EDUCATION & TRAINING: Preservation through education

Gary Baker, chairman of the Furniture and Interiors Education, Skills and Training Alliance (Fiesta), issues a stark warning to the sector to safeguard the skills required to keep our industry alive for years to come

 

At the start of 2020, Fiesta’s objectives for the year were clear – we needed to continue educating companies on the benefits of our Skills Plus apprenticeship training agency, increase the number of people doing vocational training, while working with manufacturers to understand what training outside of the traditional furniture standards was required.

However, all of that got thrown up in the air with the arrival of the pandemic. Adapting to the situation, we concentrated on where we could add the most value – helping those who have lost jobs to develop their skills and get back into work, while looking to support employers to retrain and cross-train their workforce. 

Having our own apprenticeship training agency has enabled us to make some inroads here. Moreover, since the launch of the Government’s Kickstart scheme, Skills Plus has passed due diligence checks to be a Kickstarter Gateway. Very shortly we will be able to facilitate companies who want to take on a Kickstarter trainee but aren’t able to take on the minimum of 30 trainees required. This is a massive win for SMEs.

The pandemic has put a strain on what was already a battleground. Training providers had to find ways to carry on giving support at a distance. The drop-off in interest from businesses, which are focused on getting through the crisis, is under-standable, but means we teeter ever closer to the edge of not having access to relevant training in the future. 

This issue is further compounded by the serious decline in provision of arts and crafts training in schools and colleges over the past few years. The sad fact is that a whole generation of young people are not being exposed to the potential of careers in design – that’s the focus that Fiesta has now taken on.

We have to shout about how fantastic our industry can be and the wide range of opportunities available, while making sure that relevant training and skills provision is on hand, which is where our work with the renewal of the Level Two Apprenticeship Standards comes into play.

This has been a real source of frustration, though, to be honest. We have been asking the industry to support the renewal for over a year now. It took a very frank call to action from Damian Walters at the British Institute of Kitchen, Bedroom and Bathroom Installa-tion (BiKBBI) to get things moving with the installer standard. Throughout October we had a ‘it’s now or never’ situation playing out for the other standards.
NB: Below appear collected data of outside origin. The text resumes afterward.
(* Let $M$ be a finite group whose order is divisible by the prime $p$. Let $y,z\in M$ and write $y=y_sy_u$, $z=z_sz_u$ as products of their commuting $p$-regular and $p$-parts. If $y_sz_u\neq z_uy_s$ and $z_sy_u\neq y_uz_s$, then $yz\neq zy$, $|\mathcal O_y^{\langle y,z\rangle}|\geq3$ and $|\mathcal O_z^{\langle y,z\rangle}|\geq3$. If in addition $y$ and $z$ are conjugate in $M$ and $\mathcal O_y^{\langle y,z\rangle}\cap\mathcal O_z^{\langle y,z\rangle}=\emptyset$, then the conjugacy class $\mathcal O_y^M$ is of type C.
   Context: $\mathcal O^H_x$ denotes the conjugacy class of $x$ in $H$. A conjugacy class $\mathcal O$ in a finite group $M$ is of type C if there exist $H\leq M$ and $r,s\in\mathcal O\cap H$ with: $rs\neq sr$; $\mathcal O_r^H\neq\mathcal O_s^H$; $H=\langle\mathcal O_r^H,\mathcal O_s^H\rangle$; and either $\min(|\mathcal O_r^H|,|\mathcal O_s^H|)>2$ or $\max(|\mathcal O_r^H|,|\mathcal O_s^H|)>4$. *)

From mathcomp Require Import all_boot all_order all_fingroup all_solvable.
Set Implicit Arguments. Unset Strict Implicit. Unset Printing Implicit Defensive.
Local Open Scope group_scope.

Definition typeC (gT : finGroupType) (M : {group gT}) (O : {set gT}) : Prop :=
  exists (H : {group gT}) (r s : gT),
    [/\ H \subset M, r \in O :&: H, s \in O :&: H & r * s != s * r] /\
    [/\ r ^: H != s ^: H,
        H :=: <<(r ^: H) :|: (s ^: H)>> &
        (2 < minn #|r ^: H| #|s ^: H|)%N || (4 < maxn #|r ^: H| #|s ^: H|)%N].

From mathcomp Require Import all_boot all_order all_fingroup all_solvable.
Set Implicit Arguments. Unset Strict Implicit. Unset Printing Implicit Defensive.
Local Open Scope group_scope.

(* If |y^H| <= 2 for H = <y, z>, then C_H[y] has index at most 2 in H, so it
   is normal and contains every element of H of odd order.  Index 1 is
   excluded because z does not commute with y.  For index 2, one of z_u, z_s
   has odd order (z_s if p = 2, z_u otherwise), hence commutes with y and so
   with y_s or y_u, against the hypotheses.  Since y and z play symmetric
   roles, both classes have at least 3 elements, and then r = y, s = z
   witness that y^M is of type C. *)

Section TypeC.

Variable gT : finGroupType.
Implicit Types (pi rho : nat_pred) (x y z a b g : gT) (G H C M : {group gT}).

Lemma mem_constt pi G x : x \in G -> x.`_pi \in G.
Proof. by move=> xG; apply: subsetP (cycle_constt pi x); rewrite cycle_subG. Qed.

Lemma commute_constt_r rho a b : commute a b -> commute a b.`_rho.
Proof. by move=> cab; have /cycleP[n ->] := cycle_constt rho b; apply: commuteX. Qed.

Lemma commute_constt pi rho a b : commute a b -> commute a.`_pi b.`_rho.
Proof. by move/commute_constt_r/commute_sym/commute_constt_r/commute_sym. Qed.

Lemma odd_order_constt pi x : 2 \notin pi -> odd #[x.`_pi].
Proof.
move=> pi'2; rewrite odd_2'nat; apply: sub_in_pnat (p_elt_constt pi x).
by move=> q _ piq; apply: contraNneq pi'2 => <-.
Qed.

Lemma mem_normal_coprime_index H C g :
  C <| H -> g \in H -> coprime #|H : C| #[g] -> g \in C.
Proof.
move=> /andP[sCH nCH] gH co_g; have gN := subsetP nCH g gH.
apply: coset_idr => //; apply/eqP; rewrite -order_eq1 -dvdn1 -(eqP co_g).
rewrite dvdn_gcd morph_order // andbT -card_quotient //.
by rewrite order_dvdG // mem_quotient.
Qed.

Lemma class_gt2 H p y z :
  prime p -> z \in H ->
  y.`_p^' * z.`_p != z.`_p * y.`_p^' -> z.`_p^' * y.`_p != y.`_p * z.`_p^' ->
  (2 < #|y ^: H|)%N.
Proof.
move=> pr_p zH ncA ncB; rewrite -index_cent1; set C := 'C_H[y].
have sCH : C \subset H := subsetIl H _.
have centC pi : z.`_pi \in C -> commute y.`_pi^' z.`_pi.
  by case/setIP=> _ /cent1P /(commute_constt_r pi^') /commute_sym.
have zpC : z.`_p \notin C by apply: contra ncA => /centC ->.
have zp'C : z.`_p^' \notin C.
  apply: contra ncB => /centC; rewrite (eq_constt _ (negnK p)) => ->.
  exact/eqP.
have [q oddq [qH qC]] : exists2 q, odd #[q] & q \in H /\ q \notin C.
  case: (eqVneq p 2) => [p2 | p_neq2]; [exists z.`_p^' | exists z.`_p];
    by [apply: odd_order_constt; rewrite !inE ?p2 ?negbK // eq_sym
       | rewrite mem_constt].
rewrite ltnNge; apply/negP => le_iC2.
have iC : #|H : C| = 2.
  apply/eqP; rewrite eqn_leq le_iC2 ltn_neqAle indexg_gt0 andbT eq_sym.
  by apply: contraNneq zpC => /(index1g sCH); rewrite /C => ->; rewrite mem_constt.
have := mem_normal_coprime_index (index2_normal sCH iC) qH.
by rewrite iC coprime2n oddq => /(_ isT); apply/negP.
Qed.

Lemma mem_gen_set2 y z : y \in <<[set y; z]>> /\ z \in <<[set y; z]>>.
Proof. by rewrite !mem_gen // !inE eqxx ?orbT. Qed.

Lemma gen_classes_set2 y z (H := <<[set y; z]>>%G) :
  H :=: <<(y ^: H) :|: (z ^: H)>>.
Proof.
have [yH zH] := mem_gen_set2 y z.
apply/eqP; rewrite eqEsubset gen_subG subUset !class_subG // andbT.
by rewrite genS // subUset !sub1set !inE !class_refl ?orbT.
Qed.

Lemma typeC_set2 M y z (H := <<[set y; z]>>%G) :
  y \in M -> z \in M -> y \in z ^: M -> y * z != z * y ->
  (y ^: H) :&: (z ^: H) = set0 ->
  (2 < #|y ^: H|)%N -> (2 < #|z ^: H|)%N ->
  typeC M (y ^: M).
Proof.
move=> yM zM yzM ncyz disj_yz yH3 zH3; have [yH zH] := mem_gen_set2 y z.
exists H, y, z; split; split => //.
- by rewrite gen_subG subUset !sub1set yM zM.
- by rewrite inE class_refl yH.
- by rewrite inE -class_sym yzM zH.
- apply: contra_eq_neq disj_yz => ->; rewrite setIid.
  by apply/set0Pn; exists z; apply: class_refl.
- exact: gen_classes_set2.
- by rewrite leq_min yH3 zH3.
Qed.

End TypeC.

Theorem lemma2p5 (gT : finGroupType) (M : {group gT}) (p : nat)
  (pr_p : prime p) (p_dvd : (p %| #|M|)%N) (y z : gT)
  (yM : y \in M) (zM : z \in M)
  (h1 : y.`_p^' * z.`_p != z.`_p * y.`_p^')
  (h2 : z.`_p^' * y.`_p != y.`_p * z.`_p^') :
  (y * z != z * y /\
   (3 <= #|y ^: <<[set y; z]>>|)%N /\ (3 <= #|z ^: <<[set y; z]>>|)%N) /\
  (y \in z ^: M ->
   (y ^: <<[set y; z]>>) :&: (z ^: <<[set y; z]>>) = set0 ->
   typeC M (y ^: M)).
Proof.
have [yH zH] := mem_gen_set2 y z.
have ncyz : y * z != z * y.
  by apply: contra h1 => /eqP /(commute_constt p^' p) ->.
have yH3 := class_gt2 pr_p zH h1 h2.
have zH3 := class_gt2 pr_p yH h2 h1.
split=> [// | yzM disj_yz].
exact: typeC_set2 yM zM yzM ncyz disj_yz yH3 zH3.
Qed.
Government rightly says that if you don’t support the process it can’t be important enough for them to continue funding the standard. Despite this, it’s been like getting blood out of a stone. For whatever reason, the industry simply hasn’t engaged with the need to put in the effort to keep the standards open.

It is dead simple: no renewal means no manufacturing standards. The core skills around designing, making and installing would start to disappear and we would have no one to blame other than ourselves for not getting off our backsides and doing a bit of work for the general benefit of all.

We generate about £12.2 billion a year in the UK through furniture and interiors – we are a significant player in those terms. But we are fragmented and made up mainly of SMEs.

The bigger players need to step up and support the drive for vocational training rather than just looking after their own interests.

Fortunately, when it was made clear that, unless we had participation on trailblazer committees there would be no standards, we suddenly had a significant response to save the day.

We are in competition with other industries for a share of the talent pool. We can either pull together, stop talking and start acting, or wonder why over the next 20 years we simply do not have enough people with the right skills to drive us forwards.

If this matters to you and your business, please get in touch. We could use your help on trailblazer committees, in opening up vocational training to young people through the Kickstarter scheme or the various apprenticeship schemes on offer at present to support work through these troubled times.

The important thing to understand is that this is an ongoing process – there is always work to be done making sure that the right skills and training is in place. The one thing we need at Fiesta to be successful, and help the industry as a whole, is much more engagement from business.